Abirpothi

Ache of the Sublime: The Paintings of Jehangir Sabavala

A gentlemanly artist with a Dali-esque moustache and an elegant sartorial taste befitting his aristocratic lineage, Jehangir Sabavala was one of India’s most accomplished painters of the 20th century. Born on 23rd August 1922 in the heydays of Indian nationalism, Jehangir belonged to an affluent Parsi and Zoroastrian family, whose sympathies rested with the British Raj. Later his extended education in Europe – Sabavala after earning a Fine Arts Diploma from Mumbai’s Sir J.J. School of Art in 1944 went to Europe and studied in the Heatherley School of Art, London from 1945 to 1947, in Academia Andre Lhote, Paris in 1948 to 51, the Académie Julian from 1953 to 54 and finally at the Académie de la Grande Chaumiere in 1957 – were to raise banal suspicions about his authenticity as a true ‘Indian artist.’ The claim received undue attention due to his temperament as a solitary artist who distanced himself from any kind of groupism. 

Objects Composed. 1955. Courtesy of Tallenge. 

Working primarily in the medium of oil, Sabavala’s solid training in prominent schools of European art like academic, cubist, impressionistic and expressionistic along with the Asian influences of Japanese and Indian art have defined his artistic practice. His earliest years display a Cubist preoccupation given his tutelage under the important Cubist Andre Lhote. Objects Composed is a work from that period which depicts his interest in rendering reality through the Cubist lens using bold, sharp, explicit lines. However, by the early 60s Sabavala slowly departed from the classic Synthetic Cubism of Lhote and adapted Cubist possibilities to the challenges of the India he had returned to in the 50s. 

The Star that Beckons, 1968. Oil on canvas. Courtesy of Saffronart. 

The 60s saw him reinvent himself as a painter, transforming his earlier sharpness into softer, intangible structures, fading into strokes of the brush that seek what is absent. As a commentator notes, “His use of colours changed from vivid to austere; the faces he painted evaded the certitude of identity; and he started playing with light – developing an interest in its source, direction and eventually, its enigmatic outcome on the canvas.” In doing this he developed his famed style which was an amalgamation of Academic, Impressionist, and Cubist styles. The effects of this transformation were most distinctly seen in a subject which was very dear to him and for which he has garnered much acclaim – landscape paintings.

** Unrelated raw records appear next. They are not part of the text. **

Lemma gfS c b e m N :
  N.+1%:R * gf c b e m N.+1 =
    c * N%:R * gf c b e m N + c * b * m%:R * gf c b e m.-1 N
    + (- (c * e) - c * b * m%:R) * gf c b e m N.
Proof. by rewrite !(@gf_gpol N.+1) // coef_gpol_rec. Qed.

Lemma Tnjm_gf k j m N : (0 < k)%N -> (0 < j)%N ->
  (Tnjm k (j + N) j m)%:R / N`!%:R =
    (Tcount k j)%:R * gf (k.+1)%:R (k%:R / (k.+1)%:R)
                         (- ((k * j - k + j + 1)%N%:R / (k.+1)%:R)) m N.
Proof.
move=> k_gt0 j_gt0; set c : rat := (k.+1)%:R; set b := _ / c; set e := - _.
have nz_c : c != 0 by rewrite pnatr_eq0.
have nz_fact n : n`!%:R != 0 :> rat by rewrite pnatr_eq0 -lt0n fact_gt0.
have cb : c * b = k%:R by rewrite /b mulrC divfK.
have ce : - (c * e) = k%:R * j%:R - k%:R + j%:R + 1.
  by rewrite /e mulrN opprK mulrC divfK // !natrD natrB ?leq_pmulr // natrM.
elim: N m => [|N IH] m; first by rewrite addn0 Tnjm_diag gf0 fact0 divr1 natrM mulrC.
have T_gf m' : (Tnjm k (j + N) j m')%:R = (Tcount k j)%:R * gf c b e m' N * N`!%:R.
  by rewrite -IH divfK.
have gfN1 : gf c b e m N.+1 =
    (c * N%:R * gf c b e m N + c * b * m%:R * gf c b e m.-1 N
     + (- (c * e) - c * b * m%:R) * gf c b e m N) / N.+1%:R.
  by rewrite -gfS mulrC mulKf // pnatr_eq0.
rewrite addnS Tnjm_S ?leq_addr // factS natrM gfN1 cb ce.
by case: m {gfN1} => [|m]; rewrite !T_gf /c; field; rewrite nat1r pnatr_eq0 nz_fact.
Qed.

Theorem mainTheorem11 (k : nat) (hk : (1 <= k)%N) :
  (forall n j m : nat, (1 <= j)%N -> (j < n)%N ->
     (Tnjm k n j m)%:Z =
       (((k.+1 * n)%N)%:Z - ((k * m)%N)%:Z - ((2 * k)%N)%:Z) * (Tnjm k n.-1 j m)%:Z
       + ((k * m)%N)%:Z * (if m is m'.+1 then (Tnjm k n.-1 j m')%:Z else 0%R))
  /\
  (forall j : nat, Tcount k j = (\prod_(l < j) (1 + k.+1 * l))%N)
  /\
  (forall j m N : nat, (1 <= j)%N ->
     ((Tnjm k (j + N) j m)%:R / (N`!)%:R : rat) =
       (Tcount k j)%:R *
       fmul (fpow (fun i => fone i - powS (k.+1)%:R (k%:R / (k.+1)%:R) i) m)
            (powS (k.+1)%:R (- (((k * j - k + j + 1)%N)%:R / (k.+1)%:R))) N).
Proof.
split; last split; [|exact: Tcount_prod | by move=> j m N j_gt0; apply: Tnjm_gf].
move=> [//|n] j [|m] j_gt0 lt_jn; rewrite -!natz Tnjm_S //.
Qed.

The Green Cape, 1974. Oil on canvas. Courtesy of Saffronart.  

The Green Cape enchants the viewer with its expansive and panoramic view of India’s western coastline. The eminent art critic and biographer of Sabavala, Ranjit Hoskote writes eloquently, “At the level of immediate sensation, we are struck by the obvious physical beauty of the painting as a product, process, and parallel reality. And as we enter Sabavala’s spaces, with trepidation, to inhabit them, we apprehend their disquieting tranquillity; the paradox underscores the artist’s uncertainty about his place in the universe, his nostalgia for the infinite.”  

Jehangir was an unbelievably meticulous painter who prioritised perfection over anything else. His wasn’t a sensibility of spontaneity. Each painting went through the rigorous procedures of thinking, numerous preparatory sketches and drawings marked intricately with numbers corresponding to notes on colour gradations and tonal values. He was able to distinguish with impeccable precision between different colours and it is this knowledge that he brings to the canvas that makes The Green Cape and his other works a transcendental experience. 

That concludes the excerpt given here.